** Work instruction **
Only the number is wanted: how many lines below contain "exact"?

** Stored data **
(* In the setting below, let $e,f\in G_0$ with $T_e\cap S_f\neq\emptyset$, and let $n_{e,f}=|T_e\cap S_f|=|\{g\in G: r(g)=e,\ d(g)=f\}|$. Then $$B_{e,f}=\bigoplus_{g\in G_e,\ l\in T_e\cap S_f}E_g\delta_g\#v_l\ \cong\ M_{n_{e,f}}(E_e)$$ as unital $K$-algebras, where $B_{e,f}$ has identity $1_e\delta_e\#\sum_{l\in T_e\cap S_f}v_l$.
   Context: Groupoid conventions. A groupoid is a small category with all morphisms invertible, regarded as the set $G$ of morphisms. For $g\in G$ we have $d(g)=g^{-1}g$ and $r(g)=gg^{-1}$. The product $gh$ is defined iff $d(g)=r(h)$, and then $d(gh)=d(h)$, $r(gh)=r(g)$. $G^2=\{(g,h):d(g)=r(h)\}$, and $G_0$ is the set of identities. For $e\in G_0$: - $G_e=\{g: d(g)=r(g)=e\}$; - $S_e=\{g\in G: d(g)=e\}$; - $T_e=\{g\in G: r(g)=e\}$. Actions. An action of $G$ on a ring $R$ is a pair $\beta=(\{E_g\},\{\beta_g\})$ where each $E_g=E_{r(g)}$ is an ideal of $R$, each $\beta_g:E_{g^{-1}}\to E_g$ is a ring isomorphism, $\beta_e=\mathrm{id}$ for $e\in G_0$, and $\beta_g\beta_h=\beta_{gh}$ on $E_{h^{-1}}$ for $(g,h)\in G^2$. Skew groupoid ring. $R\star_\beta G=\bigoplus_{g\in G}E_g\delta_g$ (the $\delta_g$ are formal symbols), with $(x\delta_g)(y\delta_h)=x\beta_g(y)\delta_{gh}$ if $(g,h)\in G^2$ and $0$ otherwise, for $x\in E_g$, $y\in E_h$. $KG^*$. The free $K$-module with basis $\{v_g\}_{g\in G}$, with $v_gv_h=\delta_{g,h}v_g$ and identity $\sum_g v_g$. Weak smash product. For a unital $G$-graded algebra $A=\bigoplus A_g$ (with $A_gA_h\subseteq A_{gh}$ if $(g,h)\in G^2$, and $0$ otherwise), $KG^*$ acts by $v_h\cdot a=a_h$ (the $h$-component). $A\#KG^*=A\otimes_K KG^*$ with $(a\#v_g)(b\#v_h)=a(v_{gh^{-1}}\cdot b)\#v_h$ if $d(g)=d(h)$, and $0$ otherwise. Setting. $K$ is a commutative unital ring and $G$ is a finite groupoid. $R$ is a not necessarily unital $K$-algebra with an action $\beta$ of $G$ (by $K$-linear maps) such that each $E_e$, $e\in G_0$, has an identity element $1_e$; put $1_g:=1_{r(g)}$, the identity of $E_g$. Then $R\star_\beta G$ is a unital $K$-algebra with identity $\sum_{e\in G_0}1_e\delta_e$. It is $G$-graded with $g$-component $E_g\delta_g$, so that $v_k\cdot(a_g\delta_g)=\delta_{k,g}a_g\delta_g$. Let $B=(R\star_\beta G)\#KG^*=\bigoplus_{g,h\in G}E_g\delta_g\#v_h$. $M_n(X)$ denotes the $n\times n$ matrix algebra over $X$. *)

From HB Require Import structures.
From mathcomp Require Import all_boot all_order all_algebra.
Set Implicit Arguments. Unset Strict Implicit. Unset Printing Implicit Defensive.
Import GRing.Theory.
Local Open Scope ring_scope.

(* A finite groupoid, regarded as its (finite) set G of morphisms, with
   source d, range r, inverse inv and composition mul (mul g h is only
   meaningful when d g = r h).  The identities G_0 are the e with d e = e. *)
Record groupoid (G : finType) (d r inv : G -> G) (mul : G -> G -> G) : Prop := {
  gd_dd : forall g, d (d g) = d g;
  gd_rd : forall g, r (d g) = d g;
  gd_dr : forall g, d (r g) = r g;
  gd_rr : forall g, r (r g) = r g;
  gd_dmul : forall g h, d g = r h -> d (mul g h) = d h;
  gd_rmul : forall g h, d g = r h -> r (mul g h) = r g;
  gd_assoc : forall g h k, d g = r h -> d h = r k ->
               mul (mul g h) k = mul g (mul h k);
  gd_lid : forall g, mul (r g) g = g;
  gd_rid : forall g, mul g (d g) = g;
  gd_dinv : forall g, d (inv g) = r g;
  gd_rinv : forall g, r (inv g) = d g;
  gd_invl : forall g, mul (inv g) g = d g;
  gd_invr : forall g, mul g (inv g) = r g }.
* * *
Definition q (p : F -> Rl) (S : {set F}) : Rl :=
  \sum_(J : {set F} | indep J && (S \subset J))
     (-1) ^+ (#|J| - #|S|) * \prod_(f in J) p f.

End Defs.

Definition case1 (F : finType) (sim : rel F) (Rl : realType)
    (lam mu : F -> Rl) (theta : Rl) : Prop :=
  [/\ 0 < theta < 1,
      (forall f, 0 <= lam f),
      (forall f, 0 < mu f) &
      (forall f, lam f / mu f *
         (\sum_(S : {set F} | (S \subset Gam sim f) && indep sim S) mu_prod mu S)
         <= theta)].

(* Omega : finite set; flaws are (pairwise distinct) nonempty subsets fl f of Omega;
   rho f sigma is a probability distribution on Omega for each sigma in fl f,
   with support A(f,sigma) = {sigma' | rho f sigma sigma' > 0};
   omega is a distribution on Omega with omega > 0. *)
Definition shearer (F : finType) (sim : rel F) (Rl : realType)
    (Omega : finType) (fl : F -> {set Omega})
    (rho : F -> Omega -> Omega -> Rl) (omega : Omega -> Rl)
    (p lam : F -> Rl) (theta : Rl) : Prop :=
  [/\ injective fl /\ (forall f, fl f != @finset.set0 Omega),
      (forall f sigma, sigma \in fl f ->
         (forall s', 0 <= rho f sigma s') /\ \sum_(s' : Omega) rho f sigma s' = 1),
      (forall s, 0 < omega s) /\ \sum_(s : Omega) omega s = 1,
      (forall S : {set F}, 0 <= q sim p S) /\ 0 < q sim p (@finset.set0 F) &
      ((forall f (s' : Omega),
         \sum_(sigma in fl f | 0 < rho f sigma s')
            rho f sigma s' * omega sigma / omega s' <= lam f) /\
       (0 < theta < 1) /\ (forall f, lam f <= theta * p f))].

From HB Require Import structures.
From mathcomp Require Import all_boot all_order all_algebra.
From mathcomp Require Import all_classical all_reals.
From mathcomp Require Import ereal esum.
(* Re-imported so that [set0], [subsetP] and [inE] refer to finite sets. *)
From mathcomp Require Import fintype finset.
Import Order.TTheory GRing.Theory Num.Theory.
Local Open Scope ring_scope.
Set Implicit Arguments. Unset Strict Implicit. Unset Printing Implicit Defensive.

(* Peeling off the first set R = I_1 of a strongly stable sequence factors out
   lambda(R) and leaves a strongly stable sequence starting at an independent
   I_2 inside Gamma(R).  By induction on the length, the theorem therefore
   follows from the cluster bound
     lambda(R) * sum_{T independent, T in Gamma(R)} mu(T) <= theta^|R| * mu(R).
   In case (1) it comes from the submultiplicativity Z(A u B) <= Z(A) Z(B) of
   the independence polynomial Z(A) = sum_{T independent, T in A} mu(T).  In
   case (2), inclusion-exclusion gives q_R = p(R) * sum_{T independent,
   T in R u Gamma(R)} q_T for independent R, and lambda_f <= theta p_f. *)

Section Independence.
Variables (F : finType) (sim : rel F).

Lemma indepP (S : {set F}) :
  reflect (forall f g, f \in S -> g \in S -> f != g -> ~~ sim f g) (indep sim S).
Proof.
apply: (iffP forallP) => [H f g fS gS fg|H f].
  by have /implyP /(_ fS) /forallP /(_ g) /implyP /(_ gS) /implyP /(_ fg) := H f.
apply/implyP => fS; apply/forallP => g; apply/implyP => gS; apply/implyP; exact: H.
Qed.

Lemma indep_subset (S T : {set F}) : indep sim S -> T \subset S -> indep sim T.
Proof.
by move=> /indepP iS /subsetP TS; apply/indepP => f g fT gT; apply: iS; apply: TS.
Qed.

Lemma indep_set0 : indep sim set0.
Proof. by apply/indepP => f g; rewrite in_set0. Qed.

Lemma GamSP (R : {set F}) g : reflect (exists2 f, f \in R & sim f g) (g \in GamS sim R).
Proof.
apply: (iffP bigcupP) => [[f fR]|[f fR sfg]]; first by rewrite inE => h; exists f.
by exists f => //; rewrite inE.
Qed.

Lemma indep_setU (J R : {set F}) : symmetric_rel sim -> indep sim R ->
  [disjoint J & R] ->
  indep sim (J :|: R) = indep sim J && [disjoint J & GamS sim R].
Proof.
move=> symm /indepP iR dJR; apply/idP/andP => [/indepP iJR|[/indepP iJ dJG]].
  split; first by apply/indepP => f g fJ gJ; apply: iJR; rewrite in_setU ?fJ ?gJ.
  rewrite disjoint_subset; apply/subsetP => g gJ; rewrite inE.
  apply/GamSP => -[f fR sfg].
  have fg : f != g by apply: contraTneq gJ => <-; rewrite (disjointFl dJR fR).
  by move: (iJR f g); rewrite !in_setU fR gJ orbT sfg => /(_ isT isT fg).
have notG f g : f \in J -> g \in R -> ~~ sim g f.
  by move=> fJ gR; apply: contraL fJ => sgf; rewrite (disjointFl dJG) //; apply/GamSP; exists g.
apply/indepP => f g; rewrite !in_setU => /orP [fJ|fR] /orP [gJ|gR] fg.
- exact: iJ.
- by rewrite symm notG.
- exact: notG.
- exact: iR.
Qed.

** Answer below **
4